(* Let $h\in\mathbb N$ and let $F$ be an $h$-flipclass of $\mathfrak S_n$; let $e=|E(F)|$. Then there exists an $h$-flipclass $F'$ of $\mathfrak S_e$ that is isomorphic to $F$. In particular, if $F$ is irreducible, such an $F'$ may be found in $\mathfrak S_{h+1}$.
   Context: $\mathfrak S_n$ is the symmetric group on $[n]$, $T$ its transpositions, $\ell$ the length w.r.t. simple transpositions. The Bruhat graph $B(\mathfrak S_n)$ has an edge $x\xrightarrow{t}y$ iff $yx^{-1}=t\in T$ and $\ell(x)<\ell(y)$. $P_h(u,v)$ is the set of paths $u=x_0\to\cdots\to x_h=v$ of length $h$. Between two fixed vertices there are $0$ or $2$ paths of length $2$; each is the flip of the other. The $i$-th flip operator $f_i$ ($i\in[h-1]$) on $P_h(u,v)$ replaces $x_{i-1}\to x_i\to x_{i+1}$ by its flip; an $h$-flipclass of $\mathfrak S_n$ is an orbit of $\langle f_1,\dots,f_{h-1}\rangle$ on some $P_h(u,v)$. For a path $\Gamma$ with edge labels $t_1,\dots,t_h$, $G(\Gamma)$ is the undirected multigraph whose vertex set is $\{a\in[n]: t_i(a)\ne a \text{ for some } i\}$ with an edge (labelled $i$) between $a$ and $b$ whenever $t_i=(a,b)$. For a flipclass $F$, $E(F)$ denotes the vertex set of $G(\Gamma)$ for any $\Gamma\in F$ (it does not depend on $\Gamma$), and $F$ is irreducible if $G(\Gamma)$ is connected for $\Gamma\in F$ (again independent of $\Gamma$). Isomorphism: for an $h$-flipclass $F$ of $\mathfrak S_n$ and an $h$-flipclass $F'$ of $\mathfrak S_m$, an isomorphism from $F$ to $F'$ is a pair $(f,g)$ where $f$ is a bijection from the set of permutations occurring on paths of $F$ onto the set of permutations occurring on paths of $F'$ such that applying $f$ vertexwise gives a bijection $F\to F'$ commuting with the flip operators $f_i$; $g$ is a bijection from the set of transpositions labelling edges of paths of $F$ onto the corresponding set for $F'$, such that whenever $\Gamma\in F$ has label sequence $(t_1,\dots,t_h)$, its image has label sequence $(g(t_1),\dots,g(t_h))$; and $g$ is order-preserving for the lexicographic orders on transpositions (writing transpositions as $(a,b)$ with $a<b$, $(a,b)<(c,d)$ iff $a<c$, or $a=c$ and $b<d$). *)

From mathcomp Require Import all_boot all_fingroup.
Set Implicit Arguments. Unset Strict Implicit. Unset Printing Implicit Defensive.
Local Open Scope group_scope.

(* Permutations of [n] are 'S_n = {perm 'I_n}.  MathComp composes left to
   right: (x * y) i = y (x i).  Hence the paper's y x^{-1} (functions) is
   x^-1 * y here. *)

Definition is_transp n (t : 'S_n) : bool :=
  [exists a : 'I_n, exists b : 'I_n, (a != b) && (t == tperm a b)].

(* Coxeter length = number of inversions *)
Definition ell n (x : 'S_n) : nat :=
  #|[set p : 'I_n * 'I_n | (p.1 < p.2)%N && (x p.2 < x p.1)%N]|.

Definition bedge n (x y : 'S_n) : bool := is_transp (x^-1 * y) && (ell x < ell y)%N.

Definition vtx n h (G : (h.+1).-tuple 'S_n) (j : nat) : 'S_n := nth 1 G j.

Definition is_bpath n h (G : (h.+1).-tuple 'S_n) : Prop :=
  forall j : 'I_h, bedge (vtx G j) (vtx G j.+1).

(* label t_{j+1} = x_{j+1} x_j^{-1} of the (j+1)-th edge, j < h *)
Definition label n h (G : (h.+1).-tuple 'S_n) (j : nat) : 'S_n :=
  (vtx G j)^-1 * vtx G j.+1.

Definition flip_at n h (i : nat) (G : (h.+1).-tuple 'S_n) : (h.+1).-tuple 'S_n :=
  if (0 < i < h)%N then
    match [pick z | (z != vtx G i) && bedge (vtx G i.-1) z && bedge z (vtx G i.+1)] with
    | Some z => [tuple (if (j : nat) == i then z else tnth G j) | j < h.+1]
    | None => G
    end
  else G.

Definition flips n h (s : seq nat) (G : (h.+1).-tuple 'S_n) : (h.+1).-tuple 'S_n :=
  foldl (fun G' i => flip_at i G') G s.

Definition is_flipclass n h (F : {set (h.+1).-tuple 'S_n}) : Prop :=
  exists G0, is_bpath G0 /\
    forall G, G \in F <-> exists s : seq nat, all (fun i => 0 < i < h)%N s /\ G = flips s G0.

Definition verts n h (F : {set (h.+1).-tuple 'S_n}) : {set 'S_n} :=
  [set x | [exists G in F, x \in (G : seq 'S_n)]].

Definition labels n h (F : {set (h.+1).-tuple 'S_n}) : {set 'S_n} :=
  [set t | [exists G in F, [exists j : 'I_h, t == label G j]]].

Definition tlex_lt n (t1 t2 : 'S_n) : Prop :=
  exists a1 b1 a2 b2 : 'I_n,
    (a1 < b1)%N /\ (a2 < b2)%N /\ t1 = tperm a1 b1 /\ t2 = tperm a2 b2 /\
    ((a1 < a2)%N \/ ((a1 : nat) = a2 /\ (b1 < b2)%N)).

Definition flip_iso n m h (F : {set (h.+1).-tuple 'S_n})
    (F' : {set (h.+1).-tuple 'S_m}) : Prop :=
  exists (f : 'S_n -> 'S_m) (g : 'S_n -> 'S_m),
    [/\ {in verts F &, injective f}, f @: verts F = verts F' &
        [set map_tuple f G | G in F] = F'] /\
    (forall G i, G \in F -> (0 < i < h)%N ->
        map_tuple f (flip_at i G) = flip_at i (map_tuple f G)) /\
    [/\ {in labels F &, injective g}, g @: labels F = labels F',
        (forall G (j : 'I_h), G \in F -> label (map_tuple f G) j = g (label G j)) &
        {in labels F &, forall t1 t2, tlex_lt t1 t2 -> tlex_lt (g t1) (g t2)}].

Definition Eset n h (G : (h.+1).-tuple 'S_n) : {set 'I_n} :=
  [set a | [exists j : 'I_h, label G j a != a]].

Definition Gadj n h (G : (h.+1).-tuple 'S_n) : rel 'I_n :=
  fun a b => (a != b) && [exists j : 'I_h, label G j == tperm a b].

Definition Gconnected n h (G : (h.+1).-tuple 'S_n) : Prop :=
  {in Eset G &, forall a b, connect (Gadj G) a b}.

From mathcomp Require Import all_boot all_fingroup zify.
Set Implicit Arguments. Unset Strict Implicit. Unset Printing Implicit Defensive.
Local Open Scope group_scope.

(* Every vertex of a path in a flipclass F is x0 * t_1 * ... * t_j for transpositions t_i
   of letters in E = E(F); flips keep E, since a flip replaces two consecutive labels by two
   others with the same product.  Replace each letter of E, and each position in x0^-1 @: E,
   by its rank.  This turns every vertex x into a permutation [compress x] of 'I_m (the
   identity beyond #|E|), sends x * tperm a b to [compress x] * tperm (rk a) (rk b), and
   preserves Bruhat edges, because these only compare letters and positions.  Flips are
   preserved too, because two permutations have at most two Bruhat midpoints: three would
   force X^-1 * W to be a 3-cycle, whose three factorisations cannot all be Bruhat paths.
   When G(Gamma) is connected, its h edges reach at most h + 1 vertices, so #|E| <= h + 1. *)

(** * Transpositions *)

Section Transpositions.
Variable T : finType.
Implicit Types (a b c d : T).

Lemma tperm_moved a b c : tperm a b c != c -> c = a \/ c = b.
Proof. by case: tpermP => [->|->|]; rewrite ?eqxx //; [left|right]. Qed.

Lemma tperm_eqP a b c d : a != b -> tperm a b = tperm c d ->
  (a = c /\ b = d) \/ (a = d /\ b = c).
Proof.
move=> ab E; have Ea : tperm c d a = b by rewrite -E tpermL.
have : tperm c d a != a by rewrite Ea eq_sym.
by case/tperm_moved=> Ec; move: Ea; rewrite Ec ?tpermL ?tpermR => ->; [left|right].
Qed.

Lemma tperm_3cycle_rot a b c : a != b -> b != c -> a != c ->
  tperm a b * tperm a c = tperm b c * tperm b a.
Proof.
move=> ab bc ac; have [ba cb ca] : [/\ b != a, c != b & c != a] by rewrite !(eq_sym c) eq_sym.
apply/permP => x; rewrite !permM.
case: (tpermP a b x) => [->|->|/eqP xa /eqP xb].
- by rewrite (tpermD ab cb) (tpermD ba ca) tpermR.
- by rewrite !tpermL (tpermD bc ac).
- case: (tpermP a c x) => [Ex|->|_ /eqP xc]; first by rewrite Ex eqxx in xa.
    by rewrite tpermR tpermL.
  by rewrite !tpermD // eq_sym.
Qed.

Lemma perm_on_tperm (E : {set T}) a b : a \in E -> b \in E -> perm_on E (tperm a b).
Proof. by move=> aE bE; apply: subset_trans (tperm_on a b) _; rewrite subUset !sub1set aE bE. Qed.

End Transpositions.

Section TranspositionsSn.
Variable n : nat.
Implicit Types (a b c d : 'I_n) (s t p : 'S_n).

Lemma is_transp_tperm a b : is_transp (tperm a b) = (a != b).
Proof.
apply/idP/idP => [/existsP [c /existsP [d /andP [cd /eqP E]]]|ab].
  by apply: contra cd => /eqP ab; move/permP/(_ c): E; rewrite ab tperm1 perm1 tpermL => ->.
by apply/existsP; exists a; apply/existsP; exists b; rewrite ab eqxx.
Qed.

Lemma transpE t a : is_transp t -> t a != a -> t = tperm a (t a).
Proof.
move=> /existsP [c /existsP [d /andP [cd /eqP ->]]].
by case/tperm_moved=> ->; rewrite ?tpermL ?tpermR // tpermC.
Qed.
◇ ◇ ◇ ◇ ◇
## Task prompt
Wherever the string "Require" is found in the listing above, copy the line that contains it.

## Reply
From mathcomp Require Import all_boot all_fingroup.
From mathcomp Require Import all_boot all_fingroup zify.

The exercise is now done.